### Dataset
--- START ---
(* Let $h\in\mathbb N$ and $P\in\mathcal C(h)$ be such that every hole is an axis-aligned rectangle. Then for every $s\in P$ there is a path in $P$ from $s$ to a point of $\partial P_0$ of length at most ${\rm diam}_2(P)$.
   Context: $\mathcal C(h)$ is the family of polygonal domains $P=P_0\setminus\bigcup_{i=1}^h\operatorname{int}(P_i)$ with $P_0$ a convex polygon and $P_1,\dots,P_h$ pairwise disjoint convex polygons (holes) in the interior of $P_0$; ${\rm diam}_2(P)=\sup_{s,t\in P}|st|$. *)

From Stdlib Require Import Reals Lra List.
Open Scope R_scope.

Definition point := (R * R)%type.

Definition dist (p q : point) : R :=
  sqrt ((fst p - fst q)^2 + (snd p - snd q)^2).

Definition pinterior (A : point -> Prop) (p : point) : Prop :=
  exists eps, 0 < eps /\ forall q, dist p q < eps -> A q.

Definition pclosure (A : point -> Prop) (p : point) : Prop :=
  forall eps, 0 < eps -> exists q, A q /\ dist p q < eps.

Definition pboundary (A : point -> Prop) (p : point) : Prop :=
  pclosure A p /\ ~ pinterior A p.

Fixpoint wsum (wl : list (R * point)) : point :=
  match wl with
  | nil => (0, 0)
  | (w, q) :: r => let s := wsum r in (w * fst q + fst s, w * snd q + snd s)
  end.

Fixpoint wtot (wl : list (R * point)) : R :=
  match wl with
  | nil => 0
  | (w, _) :: r => w + wtot r
  end.

Definition in_hull (l : list point) (p : point) : Prop :=
  exists wl : list (R * point),
    (forall w q, In (w, q) wl -> 0 <= w /\ In q l) /\
    wtot wl = 1 /\ p = wsum wl.

(* a convex polygon: convex hull of finitely many points, with nonempty
   pinterior (a genuine 2-dimensional polygon) *)
Definition convex_polygon (A : point -> Prop) : Prop :=
  (exists l : list point, forall p, A p <-> in_hull l p) /\
  (exists p, pinterior A p).

Definition rect (r : R * R * R * R) (p : point) : Prop :=
  let '(a, b, c, d) := r in
  a <= fst p <= b /\ c <= snd p <= d.

Definition nondeg_rect (r : R * R * R * R) : Prop :=
  let '(a, b, c, d) := r in a < b /\ c < d.

Definition domain (P0 : point -> Prop) (h : nat) (H : nat -> R * R * R * R)
  (p : point) : Prop :=
  P0 p /\ forall i, (i < h)%nat -> ~ pinterior (rect (H i)) p.

Definition diam2 (A : point -> Prop) (d : R) : Prop :=
  is_lub (fun r => exists s t, A s /\ A t /\ r = dist s t) d.

Definition curve_continuous (g : R -> point) : Prop :=
  forall t, 0 <= t <= 1 -> forall eps, 0 < eps ->
    exists delta, 0 < delta /\
      forall u, 0 <= u <= 1 -> Rabs (u - t) < delta -> dist (g u) (g t) < eps.

Fixpoint poly_len (g : R -> point) (t0 : R) (ts : list R) : R :=
  match ts with
  | nil => 0
  | t :: r => dist (g t0) (g t) + poly_len g t r
  end.

(* the length of g on [0,1] (the supremum over partitions) is at most L *)
Definition length_le (g : R -> point) (L : R) : Prop :=
  forall ts : list R,
    (forall t, In t ts -> 0 <= t <= 1) ->
    (forall (i : nat), (S i < length ts)%nat -> nth i ts 0 <= nth (S i) ts 0) ->
    poly_len g 0 ts <= L.

Definition path_in (A : point -> Prop) (g : R -> point) (s t : point) : Prop :=
  curve_continuous g /\ g 0 = s /\ g 1 = t /\
  forall u, 0 <= u <= 1 -> A (g u).

(** From any [s] in [P] we build a "staircase" -- a curve in [P] along which both
   coordinates are nondecreasing -- ending on the boundary of [P0]: move right
   until leaving [P0]; if a hole is met first, climb its left side and follow
   its top side, after which that hole lies to the left of the current point, so
   this happens at most [h] times.  A staircase has length equal to its
   l1-displacement.  Reflecting the whole picture through the origin gives a
   down-left staircase from [s] to another boundary point.  The two staircases
   have total length the l1-distance between their endpoints [t1] and [t2],
   which is at most [2 |t1 t2| <= 2 diam_2(P)], so one of them is short enough. *)

From Stdlib Require Import Reals Lra Lia List Wf_nat Classical IndefiniteDescription.
Open Scope R_scope.

Lemma dist_nonneg p q : 0 <= dist p q.
Proof. apply sqrt_pos. Qed.

Lemma dist_comm p q : dist p q = dist q p.
Proof. unfold dist; f_equal; ring. Qed.

Lemma dist_self p : dist p p = 0.
Proof.
  unfold dist. replace ((fst p - fst p) ^ 2 + (snd p - snd p) ^ 2) with 0 by ring.
  apply sqrt_0.
Qed.

Lemma dist_eq_0 p q : dist p q = 0 -> p = q.
Proof.
  destruct p as [x y], q as [x' y']; unfold dist; cbn [fst snd]; intro E.
  assert (Hx := pow2_ge_0 (x - x')); assert (Hy := pow2_ge_0 (y - y')).
  apply sqrt_eq_0 in E; [|lra].
  assert (x - x' = 0) by nra; assert (y - y' = 0) by nra.
  f_equal; lra.
Qed.

Lemma abs_fst_le_dist p q : Rabs (fst p - fst q) <= dist p q.
Proof.
  unfold dist. rewrite <- (sqrt_pow2 (Rabs (fst p - fst q))) by apply Rabs_pos.
  apply sqrt_le_1_alt. rewrite pow2_abs. generalize (pow2_ge_0 (snd p - snd q)); lra.
Qed.

Lemma abs_snd_le_dist p q : Rabs (snd p - snd q) <= dist p q.
Proof.
  unfold dist. rewrite <- (sqrt_pow2 (Rabs (snd p - snd q))) by apply Rabs_pos.
  apply sqrt_le_1_alt. rewrite pow2_abs. generalize (pow2_ge_0 (fst p - fst q)); lra.
Qed.

Lemma l1_le_twice_dist p q :
  Rabs (fst p - fst q) + Rabs (snd p - snd q) <= 2 * dist p q.
Proof. generalize (abs_fst_le_dist p q) (abs_snd_le_dist p q); lra. Qed.

Lemma dist_le_l1 p q : dist p q <= Rabs (fst p - fst q) + Rabs (snd p - snd q).
Proof.
  assert (Hx := Rabs_pos (fst p - fst q)); assert (Hy := Rabs_pos (snd p - snd q)).
  unfold dist. rewrite <- (sqrt_pow2 (Rabs (fst p - fst q) + Rabs (snd p - snd q))) by lra.
  apply sqrt_le_1_alt.
  rewrite <- (pow2_abs (fst p - fst q)), <- (pow2_abs (snd p - snd q)). nra.
Qed.

Lemma dist_horizontal x1 x2 y : dist (x1, y) (x2, y) = Rabs (x1 - x2).
Proof.
  unfold dist; cbn [fst snd].
  replace ((x1 - x2) ^ 2 + (y - y) ^ 2) with (Rabs (x1 - x2) ^ 2) by (rewrite pow2_abs; ring).
  apply sqrt_pow2, Rabs_pos.
Qed.

Lemma dist_vertical x y1 y2 : dist (x, y1) (x, y2) = Rabs (y1 - y2).
Proof.
  unfold dist; cbn [fst snd].
  replace ((x - x) ^ 2 + (y1 - y2) ^ 2) with (Rabs (y1 - y2) ^ 2) by (rewrite pow2_abs; ring).
  apply sqrt_pow2, Rabs_pos.
Qed.

Lemma dist_triangle p q r : dist p r <= dist p q + dist q r.
Proof.
  unfold dist.
  set (a1 := fst p - fst q); set (a2 := snd p - snd q);
  set (b1 := fst q - fst r); set (b2 := snd q - snd r).
  replace (fst p - fst r) with (a1 + b1) by (unfold a1, b1; ring).
  replace (snd p - snd r) with (a2 + b2) by (unfold a2, b2; ring).
  assert (HA : 0 <= a1 ^ 2 + a2 ^ 2) by nra.
  assert (HB : 0 <= b1 ^ 2 + b2 ^ 2) by nra.
  (* Cauchy-Schwarz in the plane *)
  assert (Hcs : a1 * b1 + a2 * b2 <= sqrt (a1 ^ 2 + a2 ^ 2) * sqrt (b1 ^ 2 + b2 ^ 2)).
  { rewrite <- sqrt_mult by auto.
    apply Rle_trans with (Rabs (a1 * b1 + a2 * b2)); [apply Rle_abs|].
    rewrite <- (sqrt_pow2 (Rabs (a1 * b1 + a2 * b2))) by apply Rabs_pos.
    apply sqrt_le_1_alt. rewrite pow2_abs.
    assert (0 <= (a1 * b2 - a2 * b1) ^ 2) by apply pow2_ge_0. nra. }
  assert (Ha := sqrt_pos (a1 ^ 2 + a2 ^ 2)); assert (Hb := sqrt_pos (b1 ^ 2 + b2 ^ 2)).
  rewrite <- (sqrt_pow2 (sqrt (a1 ^ 2 + a2 ^ 2) + sqrt (b1 ^ 2 + b2 ^ 2))) by lra.
  apply sqrt_le_1_alt.
  assert (E1 := sqrt_sqrt _ HA); assert (E2 := sqrt_sqrt _ HB).
  nra.
Qed.

Definition convex_comb (a b : point) (l : R) : point :=
  (fst a + l * (fst b - fst a), snd a + l * (snd b - snd a)).

Definition is_convex (A : point -> Prop) : Prop :=
  forall a b l, A a -> A b -> 0 <= l <= 1 -> A (convex_comb a b l).

Definition is_closed (A : point -> Prop) : Prop := forall p, pclosure A p -> A p.

Definition is_bounded (A : point -> Prop) : Prop :=
  exists B, forall p, A p -> Rabs (fst p) <= B /\ Rabs (snd p) <= B.

Lemma convex_comb_0 a b : convex_comb a b 0 = a.
Proof. destruct a; unfold convex_comb; simpl; f_equal; ring. Qed.

Lemma convex_comb_1 a b : convex_comb a b 1 = b.
Proof. destruct a, b; unfold convex_comb; simpl; f_equal; ring. Qed.

Lemma dist_convex_comb a b u v :
  dist (convex_comb a b u) (convex_comb a b v) = Rabs (u - v) * dist a b.
Proof.
  unfold dist, convex_comb; cbn [fst snd].
  replace ((fst a + u * (fst b - fst a) - (fst a + v * (fst b - fst a))) ^ 2 +
           (snd a + u * (snd b - snd a) - (snd a + v * (snd b - snd a))) ^ 2)
    with (Rabs (u - v) ^ 2 * ((fst a - fst b) ^ 2 + (snd a - snd b) ^ 2))
    by (rewrite pow2_abs; ring).
  rewrite sqrt_mult_alt by apply pow2_ge_0. rewrite sqrt_pow2 by apply Rabs_pos. auto.
Qed.

Definition scale (c : R) (wl : list (R * point)) : list (R * point) :=
  map (fun wq => (c * fst wq, snd wq)) wl.

Lemma wsum_app a b :
  wsum (a ++ b) = (fst (wsum a) + fst (wsum b), snd (wsum a) + snd (wsum b)).
Proof.
  induction a as [|[w q] r IH]; simpl.
  - destruct (wsum b); simpl; f_equal; ring.
  - rewrite IH; simpl; f_equal; ring.
Qed.

Lemma wtot_app a b : wtot (a ++ b) = wtot a + wtot b.
Proof. induction a as [|[w q] r IH]; simpl; [ring | rewrite IH; ring]. Qed.

Lemma wsum_scale c a : wsum (scale c a) = (c * fst (wsum a), c * snd (wsum a)).
Proof. induction a as [|[w q] r IH]; simpl; [|rewrite IH; simpl]; f_equal; ring. Qed.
--- END ---
### Task objective
Beginning at the opening line of the data, transcribe each line exactly until you reach the line with "exists wl : list", which you also include, and go no further.

### Exercise response
(* Let $h\in\mathbb N$ and $P\in\mathcal C(h)$ be such that every hole is an axis-aligned rectangle. Then for every $s\in P$ there is a path in $P$ from $s$ to a point of $\partial P_0$ of length at most ${\rm diam}_2(P)$.
   Context: $\mathcal C(h)$ is the family of polygonal domains $P=P_0\setminus\bigcup_{i=1}^h\operatorname{int}(P_i)$ with $P_0$ a convex polygon and $P_1,\dots,P_h$ pairwise disjoint convex polygons (holes) in the interior of $P_0$; ${\rm diam}_2(P)=\sup_{s,t\in P}|st|$. *)

From Stdlib Require Import Reals Lra List.
Open Scope R_scope.

Definition point := (R * R)%type.

Definition dist (p q : point) : R :=
  sqrt ((fst p - fst q)^2 + (snd p - snd q)^2).

Definition pinterior (A : point -> Prop) (p : point) : Prop :=
  exists eps, 0 < eps /\ forall q, dist p q < eps -> A q.

Definition pclosure (A : point -> Prop) (p : point) : Prop :=
  forall eps, 0 < eps -> exists q, A q /\ dist p q < eps.

Definition pboundary (A : point -> Prop) (p : point) : Prop :=
  pclosure A p /\ ~ pinterior A p.

Fixpoint wsum (wl : list (R * point)) : point :=
  match wl with
  | nil => (0, 0)
  | (w, q) :: r => let s := wsum r in (w * fst q + fst s, w * snd q + snd s)
  end.

Fixpoint wtot (wl : list (R * point)) : R :=
  match wl with
  | nil => 0
  | (w, _) :: r => w + wtot r
  end.

Definition in_hull (l : list point) (p : point) : Prop :=
  exists wl : list (R * point),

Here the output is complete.